**Problem details:** Down to the last line, output the records below exactly.

****************

(* Let $\mathbf{F}$ be a field of characteristic $3$, let $\lambda=(\lambda_1,\lambda_2)$ be a partition, $m=\lambda_1-\lambda_2$, and let $g\in\mathbf{N}_0$ with $B(m,g)\not\equiv0\pmod3$. Then in $S_\mathbf{F}(\lambda)$ \[e_{m,g}=B(m,g)\,b(g)+\sum_{i>g}\alpha_i b(i)\] for some $\alpha_i\in\mathbf{F}_3$. In particular $e_{m,g}\neq0$ in $S_\mathbf{F}(\lambda)$ if and only if $g\le\lambda_2$.
   Context: $S_\mathbf{F}(\lambda)=\operatorname{End}_{\mathbf{F}S_r}(M^\lambda)$ is a commutative $\mathbf{F}$-algebra with basis $b(0)=\mathbf{1},\dots,b(\lambda_2)$ and multiplication $b(i)b(j)=\sum_{h=\max\{i,j\}}^{i+j}\binom{h}{i}\binom{h}{j}\binom{m+i+j}{i+j-h}b(h)$, $b(a)=0$ for $a>\lambda_2$. $B(m,g)=\binom{m+2g}{g}$. With base-3 digits $(m+2g)_u,g_u$, let $I^{(0)}=\{u: g_u=0,(m+2g)_u=0\}$, $J^{(0)}=\{u:g_u=1,(m+2g)_u=2\}$, $I^{(1)}=\{u:g_u=0,(m+2g)_u=1\}$, $J^{(1)}=\{u:g_u=2,(m+2g)_u=2\}$, $I^{(2)}=\{u:g_u=0,(m+2g)_u=2\}$, $J^{(2)}=\{u:g_u=1,(m+2g)_u=1\}$ and \[e_{m,g}=\prod_{u\in I^{(0)}}(\mathbf{1}+b(3^u)-b(2\cdot3^u))\prod_{u\in J^{(0)}}(b(2\cdot3^u)-b(3^u))\prod_{u\in I^{(1)}}(\mathbf{1}-b(2\cdot3^u))\prod_{u\in J^{(1)}}b(2\cdot3^u)\prod_{u\in I^{(2)}}(\mathbf{1}-b(3^u)+b(2\cdot3^u))\prod_{u\in J^{(2)}}(b(3^u)-b(2\cdot3^u)),\] with $b(a)=0$ for $a>\lambda_2$. Here $B(m,g)$ is read as an element of $\mathbf{F}_3\subseteq\mathbf{F}$. *)

From HB Require Import structures.
From mathcomp Require Import all_boot all_order all_algebra.
Set Implicit Arguments. Unset Strict Implicit. Unset Printing Implicit Defensive.
Import Order.TTheory GRing.Theory Num.Theory.
Local Open Scope ring_scope.

(* The algebra S_F(lambda), lambda = (l1, l2), m = l1 - l2, is modelled on
   row vectors 'rV[F]_(l2.+1): coordinate h is the coefficient of b(h). *)

(* structure constant: coefficient of b(h) in b(i) b(j) *)
Definition Sconst (m i j h : nat) : nat :=
  if (maxn i j <= h <= i + j)%N
  then ('C(h, i) * 'C(h, j) * 'C(m + i + j, i + j - h))%N else 0%N.

Section Schur.
Variables (F : fieldType) (m n : nat).  (* n = lambda_2 *)

Definition Selt := 'rV[F]_n.+1.

(* basis element b(a); equal to 0 when a > lambda_2 *)
Definition bS (a : nat) : Selt := \row_(h < n.+1) ((h : nat) == a)%:R.

Definition Smul (x y : Selt) : Selt :=
  \row_(h < n.+1) \sum_(i < n.+1) \sum_(j < n.+1)
     x 0 i * y 0 j * (Sconst m i j h)%:R.

End Schur.

Definition dig3 (u x : nat) : nat := (x %/ 3 ^ u) %% 3.

Definition Bmg (m g : nat) : nat := 'C(m + 2 * g, g).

****************

**Solution for this exercise:**
(* Let $\mathbf{F}$ be a field of characteristic $3$, let $\lambda=(\lambda_1,\lambda_2)$ be a partition, $m=\lambda_1-\lambda_2$, and let $g\in\mathbf{N}_0$ with $B(m,g)\not\equiv0\pmod3$. Then in $S_\mathbf{F}(\lambda)$ \[e_{m,g}=B(m,g)\,b(g)+\sum_{i>g}\alpha_i b(i)\] for some $\alpha_i\in\mathbf{F}_3$. In particular $e_{m,g}\neq0$ in $S_\mathbf{F}(\lambda)$ if and only if $g\le\lambda_2$.
   Context: $S_\mathbf{F}(\lambda)=\operatorname{End}_{\mathbf{F}S_r}(M^\lambda)$ is a commutative $\mathbf{F}$-algebra with basis $b(0)=\mathbf{1},\dots,b(\lambda_2)$ and multiplication $b(i)b(j)=\sum_{h=\max\{i,j\}}^{i+j}\binom{h}{i}\binom{h}{j}\binom{m+i+j}{i+j-h}b(h)$, $b(a)=0$ for $a>\lambda_2$. $B(m,g)=\binom{m+2g}{g}$. With base-3 digits $(m+2g)_u,g_u$, let $I^{(0)}=\{u: g_u=0,(m+2g)_u=0\}$, $J^{(0)}=\{u:g_u=1,(m+2g)_u=2\}$, $I^{(1)}=\{u:g_u=0,(m+2g)_u=1\}$, $J^{(1)}=\{u:g_u=2,(m+2g)_u=2\}$, $I^{(2)}=\{u:g_u=0,(m+2g)_u=2\}$, $J^{(2)}=\{u:g_u=1,(m+2g)_u=1\}$ and \[e_{m,g}=\prod_{u\in I^{(0)}}(\mathbf{1}+b(3^u)-b(2\cdot3^u))\prod_{u\in J^{(0)}}(b(2\cdot3^u)-b(3^u))\prod_{u\in I^{(1)}}(\mathbf{1}-b(2\cdot3^u))\prod_{u\in J^{(1)}}b(2\cdot3^u)\prod_{u\in I^{(2)}}(\mathbf{1}-b(3^u)+b(2\cdot3^u))\prod_{u\in J^{(2)}}(b(3^u)-b(2\cdot3^u)),\] with $b(a)=0$ for $a>\lambda_2$. Here $B(m,g)$ is read as an element of $\mathbf{F}_3\subseteq\mathbf{F}$. *)

From HB Require Import structures.
From mathcomp Require Import all_boot all_order all_algebra.
Set Implicit Arguments. Unset Strict Implicit. Unset Printing Implicit Defensive.
Import Order.TTheory GRing.Theory Num.Theory.
Local Open Scope ring_scope.

(* The algebra S_F(lambda), lambda = (l1, l2), m = l1 - l2, is modelled on
   row vectors 'rV[F]_(l2.+1): coordinate h is the coefficient of b(h). *)

(* structure constant: coefficient of b(h) in b(i) b(j) *)
Definition Sconst (m i j h : nat) : nat :=
  if (maxn i j <= h <= i + j)%N
  then ('C(h, i) * 'C(h, j) * 'C(m + i + j, i + j - h))%N else 0%N.

Section Schur.
Variables (F : fieldType) (m n : nat).  (* n = lambda_2 *)

Definition Selt := 'rV[F]_n.+1.

(* basis element b(a); equal to 0 when a > lambda_2 *)
Definition bS (a : nat) : Selt := \row_(h < n.+1) ((h : nat) == a)%:R.

Definition Smul (x y : Selt) : Selt :=
  \row_(h < n.+1) \sum_(i < n.+1) \sum_(j < n.+1)
     x 0 i * y 0 j * (Sconst m i j h)%:R.

End Schur.

Definition dig3 (u x : nat) : nat := (x %/ 3 ^ u) %% 3.

Definition Bmg (m g : nat) : nat := 'C(m + 2 * g, g).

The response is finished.